> Activity
Every line below between the one holding "have /flabels_nthP [t" and the one holding "Lemma card_forest_on_within l", inclusive, should be copied exactly, and no other line.

[Dataset records]

Lemma forest_count_rec L l m :
  uniq L -> m \in L -> {in L, forall x, 0 < del x} -> 0 < l ->
  forest_count L l = \sum_(a <- L) size (root_colors m a) * fiber_count L l m a.
Proof.
move=> uL mL del_gt0 l_gt0.
case sizeL : (size L) => [|[|n]]; first by case: L mL sizeL {uL del_gt0}.
  case: L mL sizeL {uL del_gt0} => [|x [|//]] //; rewrite inE => /eqP <- _.
  rewrite big_seq1 size_root_colors /fiber_count /= eqxx /forest_count big_seq1.
  by rewrite /rising big_geq ?addn0.
set P := \prod_(x <- L) del x; set R := nleaves L l.
rewrite (eq_big_seq (fun a => P * rising R n.+1 *
           (if a == m then l.-1 + del a else del a + k))); last first.
  move=> a aL; have sizeLa : size (rem a L) = n.+1 by rewrite size_rem // sizeL.
  rewrite size_root_colors /fiber_count /forest_count nleaves_rem ?del_gt0 // sizeLa.
  rewrite /P (perm_big _ (perm_to_rem aL)) big_cons /=.
  case: (rem a L) sizeLa => [//|y ys] _ /=; rewrite -/R.
  by move: (\prod_(x <- y :: ys) del x) (rising R n.+1) => p q; case: (a == m); nia.
rewrite -(big_distrr (P * rising R n.+1)) /= sum_root_weights // sizeL /forest_count sizeL.
by rewrite /rising big_nat_recr //= mulnA.
Qed.

Lemma forest_on_nil l F : forest_on l [::] F <-> F = nseq l Leaf.
Proof.
split=> [[sizeF /perm_nilP /flabels_nseq_Leaf -> _] | ->]; first by rewrite sizeF.
by split; rewrite ?size_nseq //; elim: l.
Qed.

Lemma forest_on_tree_of l L m F :
  m \in L -> forest_on l L F <-> exists2 t, t \in index_iota 0 l & forest_on_at l L m t F.
Proof.
move=> mL; split=> [[sizeF permF validF] | [t _ []] //].
have /flabels_nthP [t t_F m_t] : m \in flabels F by rewrite (perm_mem permF).
by exists t; rewrite ?mem_index_iota -?sizeF.
Qed.

Lemma card_forest_on_within l L m lo hi N :
  uniq L -> hi <= l -> (forall t, t < l -> card_eq (forest_on_at l L m t) N) ->
  card_eq (fun F => exists2 t, t \in index_iota lo hi & forest_on_at l L m t F) ((hi - lo) * N).
Proof.
move=> uL hi_l cardN; rewrite -sum_nat_const_nat; apply: card_eq_bigcup.
- exact: iota_uniq.
- move=> t t' F; rewrite !mem_index_iota => /andP [_ t_hi] /andP [_ t'_hi].
  move=> [[sizeF permF _] m_t] [_ m_t'].
  by apply: (flabels_nth_uniq _ _ _ m_t m_t'); rewrite ?(perm_uniq permF) ?sizeF //; lia.
- by move=> t; rewrite mem_index_iota => /andP [_ t_hi]; apply: cardN; lia.
Qed.

Lemma card_forest_on_at_of_fibers l L m j :
  uniq L -> label_degree L -> m \in L -> (forall x, x \in L -> m <= x) -> j < l ->
  (forall a, a \in L -> card_eq (root_fiber l L m j a) (fiber_count L l m a)) ->
  card_eq (forest_on_at l L m j) (forest_count L l).
Proof.
move=> uL degL mL m_min j_l card_fiber.
have del_gt0 : {in L, forall x, 0 < del x} by move=> x /degL [].
have graft_root a c F' : root_fiber l L m j a F' ->
    nth Leaf (graft j a c (del a) F') j = Node a c (take (del a) (drop j F')).
  by move=> /size_root_fiber sizeF'; rewrite nth_graft // sizeF'; lia.
rewrite (forest_count_rec uL mL del_gt0) ?(leq_ltn_trans _ j_l) //.
apply: card_eq_ext (card_eq_bigcup (P := fun a F => exists2 c, c \in root_colors m a &
    exists2 F', root_fiber l L m j a F' & F = graft j a c (del a) F') uL _ _).
- move=> F; split=> [[a aL [c c_a [F' fibF' ->]]] | /(forest_on_at_ungraft degL mL m_min j_l)].
    exact: graft_forest_on_at.
  by case=> a aL hasF; exists a.
- move=> a a' F _ _ [c _ [F' fibF' ->]] [c' _ [F'' fibF'' /(congr1 (nth Leaf ^~ j))]].
  by rewrite !graft_root // => -[].
move=> a aL; rewrite -[_ * _]mulnC -iter_addn_0 -count_predT -big_const_seq.
apply: card_eq_bigcup; first exact: uniq_root_colors.
  move=> c c' F _ _ [F' fibF' ->] [F'' fibF'' /(congr1 (nth Leaf ^~ j))].
  by rewrite !graft_root // => -[].
move=> c _; apply: card_eq_inj_image (card_fiber a aL) => F' F'' fibF' fibF''.
by apply: graft_inj; rewrite ?(size_root_fiber fibF') ?(size_root_fiber fibF''); lia.
Qed.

> Answer box
have /flabels_nthP [t t_F m_t] : m \in flabels F by rewrite (perm_mem permF).
by exists t; rewrite ?mem_index_iota -?sizeF.
Qed.

Lemma card_forest_on_within l L m lo hi N :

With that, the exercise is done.